6. A Better Quality of Life for All
- Prioritise regional development
- Implement the National Broadband Plan
- Mandate public sector employers to move to 20pc home and remote working in 2021
- Incentivise private sector employers to do likewise.
- Reduce dereliction and bring vacant properties into use
- Support the building of new and affordable homes in towns and villages
- Prioritise upkeep of parks and green spaces
7. Supporting Young Ireland
- Ensuring young people have access to affordable housing and make homeownership a realistic aspiration
- Developing mechanisms for the voice of young people to be part of decision-making
- Develop new employment initiatives for school-leavers and under 25s
- Prioritise improvement in mental health services
- Give every child the opportunity to develop their creativity
- Reduce child poverty
- Protect children and young people from cyberbullying
- Responding to the challenges of addiction and substance abuse.
8. Opportunities through Education and Research
- Supporting students in “restarting their educational journeys” post the Covid-19 emergency.
- No increase in the annual student contribution (student fees)
- A “long-term sustainable funding model” for higher level education.

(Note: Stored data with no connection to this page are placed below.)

(* For every $L\le n^2$, let $N(L)$ be the number of distinct $n$-operators $f:\{0,1\}^n\to\{0,1\}^n$ computable by a circuit with at most $L$ wires. Then $$\log_2 N(L)\le 2n^2\,4^{L/n}+n\,2^{n-1}+O(n^2\log_2 n),$$ where the constant in the $O(\cdot)$ term is absolute.
   Context: An $n$-operator is a map $f=(f_1,\dots,f_n):\{0,1\}^n\to\{0,1\}^n$. A (general) circuit is a directed acyclic graph with $n$ input nodes $x_1,\dots,x_n$ (of fanin $0$) and $n$ designated output nodes $y_1,\dots,y_n$. Each non-input node may compute an arbitrary boolean function of the values at its in-neighbours, and there is no restriction on fanin or fanout. The circuit computes $f$ if, for every $i$, the function computed at $y_i$ is $f_i$. The number of wires of a circuit is its number of edges. *)

From mathcomp Require Import all_boot.
From Stdlib Require Import Reals ClassicalEpsilon.
Set Implicit Arguments. Unset Strict Implicit. Unset Printing Implicit Defensive.

(* Nodes are 'I_(n + s); nodes 0..n-1 are the inputs x_1..x_n.
   The DAG is given in topologically sorted form: every in-neighbour of a
   node has a smaller index (any finite DAG admits such a numbering).
   Each node i has an in-neighbour set [cin i] and a gate function
   [cgate i]; the node computes [cgate i] applied to the values at its
   in-neighbours only (values at other nodes are masked to false), so
   [cgate i] is an arbitrary boolean function of the in-neighbours' values. *)
Record circuit (n s : nat) := Circuit {
  cin   : 'I_(n + s) -> {set 'I_(n + s)};
  cgate : 'I_(n + s) -> {ffun 'I_(n + s) -> bool} -> bool;
  cout  : 'I_n -> 'I_(n + s)
}.

Definition wf_circuit n s (C : circuit n s) : Prop :=
  (forall i : 'I_(n + s), (i < n)%N -> cin C i = set0) /\
  (forall i j : 'I_(n + s), j \in cin C i -> (j < i)%N).

Definition wires n s (C : circuit n s) : nat :=
  \sum_(i : 'I_(n + s)) #|cin C i|.

Definition gate_out n s (C : circuit n s) (i : 'I_(n + s))
    (v : {ffun 'I_(n + s) -> bool}) : bool :=
  cgate C i [ffun j => if j \in cin C i then v j else false].

Fixpoint eval_upto n s (C : circuit n s) (x : {ffun 'I_n -> bool}) (k : nat)
    : {ffun 'I_(n + s) -> bool} :=
  match k with
  | 0 => [ffun i : 'I_(n + s) =>
            match insub (nat_of_ord i) : option 'I_n with
            | Some i' => x i'
            | None => false
            end]
  | k'.+1 =>
      let v := eval_upto C x k' in
      [ffun i => if (nat_of_ord i == k') && (n <= i)%N then gate_out C i v
                 else v i]
  end.

Definition eval_circuit n s (C : circuit n s) (x : {ffun 'I_n -> bool})
    : {ffun 'I_(n + s) -> bool} := eval_upto C x (n + s).

Definition operator (n : nat) := {ffun {ffun 'I_n -> bool} -> {ffun 'I_n -> bool}}.

Definition circuit_op n s (C : circuit n s) : operator n :=
  [ffun x => [ffun i => eval_circuit C x (cout C i)]].

Definition computable_with (n L : nat) (f : operator n) : Prop :=
  exists (s : nat) (C : circuit n s),
    wf_circuit C /\ (wires C <= L)%N /\ circuit_op C = f.

Definition computable_withb (n L : nat) (f : operator n) : bool :=
  if excluded_middle_informative (computable_with L f) then true else false.

Definition Nops (n L : nat) : nat := #|[set f : operator n | computable_withb L f]|.

Definition log2R (x : R) : R := (ln x / ln 2)%R.

(* Renumber the relevant nodes of a circuit with at most L wires (inputs, wire
   tails and outputs: at most 2n + L of them) in topological order, list its
   wires, and describe each gate of fan-in d either by its truth table over its
   in-neighbours (2^d bits, when d < n) or by the function of the inputs it
   computes (2^n bits).  Such a code determines the operator.  Since
   (2^d - 1)/d is nondecreasing, min (2^d) (2^n) <= 1 + d 2^n / n, so the tables
   take at most 2n + L + 1 + L 2^n / n bits, i.e. n 2^(n-1) + O(n^2) when
   2L <= n^2, and the rest of the code leaves 2^O(n^2 log n) choices.  When
   n^2 <= 2L, or n = 1, the trivial bound n 2^n is below 2 n^2 4^(L/n). *)

From Stdlib Require Import ClassicalEpsilon.
From mathcomp Require Import all_boot zify.
Set Implicit Arguments. Unset Strict Implicit. Unset Printing Implicit Defensive.

Lemma card_set_pair_fibers (A B : finType) (X : {set A * B}) :
  #|X| = \sum_(a : A) #|[set b | (a, b) \in X]|.
Proof.
rewrite -sum1_card big_mkcond /=.
rewrite (eq_bigr (fun p => (fun a b => if (a, b) \in X then 1 else 0) p.1 p.2)); last by case.
rewrite -(pair_bigA _ (fun a b => if (a, b) \in X then 1 else 0)) /=.
symmetry; under eq_bigr => a _ do rewrite -sum1_card big_mkcond /=.
by apply: eq_bigr => a _; apply: eq_bigr => b _; rewrite inE.
Qed.

Lemma card_set_sum_split (A B : finType) (X : {set A + B}) :
  #|X| = #|[set a | inl a \in X]| + #|[set b | inr b \in X]|.
Proof.
rewrite -!sum1_card !big_mkcond /= big_sumType /=.
by congr (_ + _); rewrite [RHS]big_mkcond; apply: eq_bigr => a _; rewrite inE.
Qed.

Lemma card_bigcup_le (I T : finType) (P : pred I) (F : I -> {set T}) :
  #|\bigcup_(i | P i) F i| <= \sum_(i | P i) #|F i|.
Proof.
elim/big_rec2: _ => [|i k U _ le_Uk]; first by rewrite cards0.
by rewrite (leq_trans (leq_card_setU _ _).1) ?leq_add2l.
Qed.

(* Equivalently, [(2 ^ d - 1) / d] is nondecreasing in [d]. *)
Lemma exp2_chord n d : d <= n -> n * 2 ^ d + d <= d * 2 ^ n + n.
Proof.
move=> /subnKC <-; elim: (n - d) => [|k IHk]; first by rewrite addn0.
have le_2d : 2 ^ d <= d * 2 ^ (d + k) + 1.
  case: d {IHk} => [|d]; first by rewrite expn0.
  apply: leq_trans (leq_addr _ _); apply: leq_trans (leq_pmull _ (ltn0Sn d)) _.
  by rewrite leq_mul // leq_exp2l // leq_addr.
rewrite addnS expnS; nia.
Qed.

Section Evaluation.
Variables (n s : nat) (C : circuit n s) (x : {ffun 'I_n -> bool}).

Lemma eval_upto_unreached k (i : 'I_(n + s)) :
  k <= i -> eval_upto C x k i = eval_upto C x 0 i.
Proof.
elim: k => [//|k IHk] le_ki /=; rewrite ffunE.
by rewrite (gtn_eqF le_ki) IHk // ltnW.
Qed.

Lemma eval_upto_frozen k (i : 'I_(n + s)) :
  i < k -> eval_upto C x k i = eval_upto C x i.+1 i.
Proof.
elim: k => [//|k IHk]; rewrite ltnS leq_eqVlt => /orP[/eqP -> //| lt_ik] /=.
by rewrite ffunE (ltn_eqF lt_ik) IHk.
Qed.

Lemma gate_out_in (i : 'I_(n + s)) (v v' : {ffun 'I_(n + s) -> bool}) :
  {in cin C i, v =1 v'} -> gate_out C i v = gate_out C i v'.
Proof.
move=> eq_vv'; rewrite /gate_out; congr (cgate C i _); apply/ffunP => j.
by rewrite !ffunE; case: ifP => // /eq_vv'.
Qed.

Lemma eval_circuit_input (i : 'I_(n + s)) (lt_in : i < n) :
  eval_circuit C x i = x (Ordinal lt_in).
Proof.
rewrite /eval_circuit (eval_upto_frozen (ltn_ord i)) /= ffunE eqxx leqNgt lt_in /=.
by rewrite eval_upto_unreached // ffunE insubT.
Qed.

Hypothesis wfC : wf_circuit C.

Lemma eval_circuit_gate (i : 'I_(n + s)) :
  n <= i -> eval_circuit C x i = gate_out C i (eval_circuit C x).
Proof.
move=> le_ni; rewrite /eval_circuit (eval_upto_frozen (ltn_ord i)) /= ffunE eqxx le_ni /=.
apply: gate_out_in => j /(wfC.2 _ _) lt_ji.
by rewrite (eval_upto_frozen lt_ji) (eval_upto_frozen (ltn_ord j)).
Qed.

End Evaluation.

Section Codes.
Variables n L : nat.

(* Room for the at most L + n relevant gates; the extra slot makes the node type
   visibly inhabited. *)
Local Notation s := (n + L).+1.
Local Notation node := 'I_(n + s).

(* [(k, inl P)] states that gate [k] outputs 1 when [P] is the set of its
   in-neighbours carrying 1; [(k, inr X)] that node [k] outputs 1 on the input
   whose set of 1-coordinates is [X]. *)
Definition entry := (node * ({set node} + {set 'I_n}))%type.
Definition edge_list := {ffun 'I_L -> option (node * node)}.
Definition code := ({ffun 'I_n -> node} * edge_list * {set entry})%type.

Definition edges (t : edge_list) : {set node * node} := [set e | Some e \in codom t].
Definition in_nbrs (t : edge_list) (k : node) : {set node} := [set j | (k, j) \in edges t].

Definition admissible (t : edge_list) : {set entry} :=
  [set p : entry | match p.2 with
                   | inl P => (#|in_nbrs t p.1| < n) && (P \subset in_nbrs t p.1)
                   | inr _ => n <= #|in_nbrs t p.1|
                   end].

Definition code_ok (c : code) : bool := c.2 \subset admissible c.1.2.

- Growing apprenticeships and traineeships
- Increasing parental choice in education
- Ensuring that “no adult is left behind” on literacy, digital and numeracy skills
- Invest in research, development and innovation
- Ensure special needs students are given appropriate and targeted supports.
- Enhance and nurture creativity in the arts
9. A shared Ireland
- Establish a unit within the Department of An Taoiseach “to work towards a consensus on a united island”
- Prioritise protection of the peace process and all-island economy.
- Ensure the Northern Ireland power-sharing deal is implemented
- Expand the Anglo-Irish institutions such as the British-Irish Council.
- Ensure mechanisms in place to deal with legacy issues, and to “deepen and strengthen” north-south health in the wake of Covid-19.
- Enhance and develop and deepen aspects of the north-south cooperation
- Continue decade of centenaries commemorations.
10. At the Heart of Europe: Global Citizenship
- Achieve an ambitious, zero-tariff, zero quotas, free trade post-Brexit trade deal
- Work with EU to respond to Covid-19
- Contribute more to the EU budget.
- Support further EU enlargement and integration
- Continue to “value and enhance the close relationship” between Ireland and the UK;
- Double Ireland’s global footprint
- Maintain and support Defence Forces’ peacekeeping missions
- Support efforts “towards a durable, two-state solution to the Israeli-Palestine conflict”.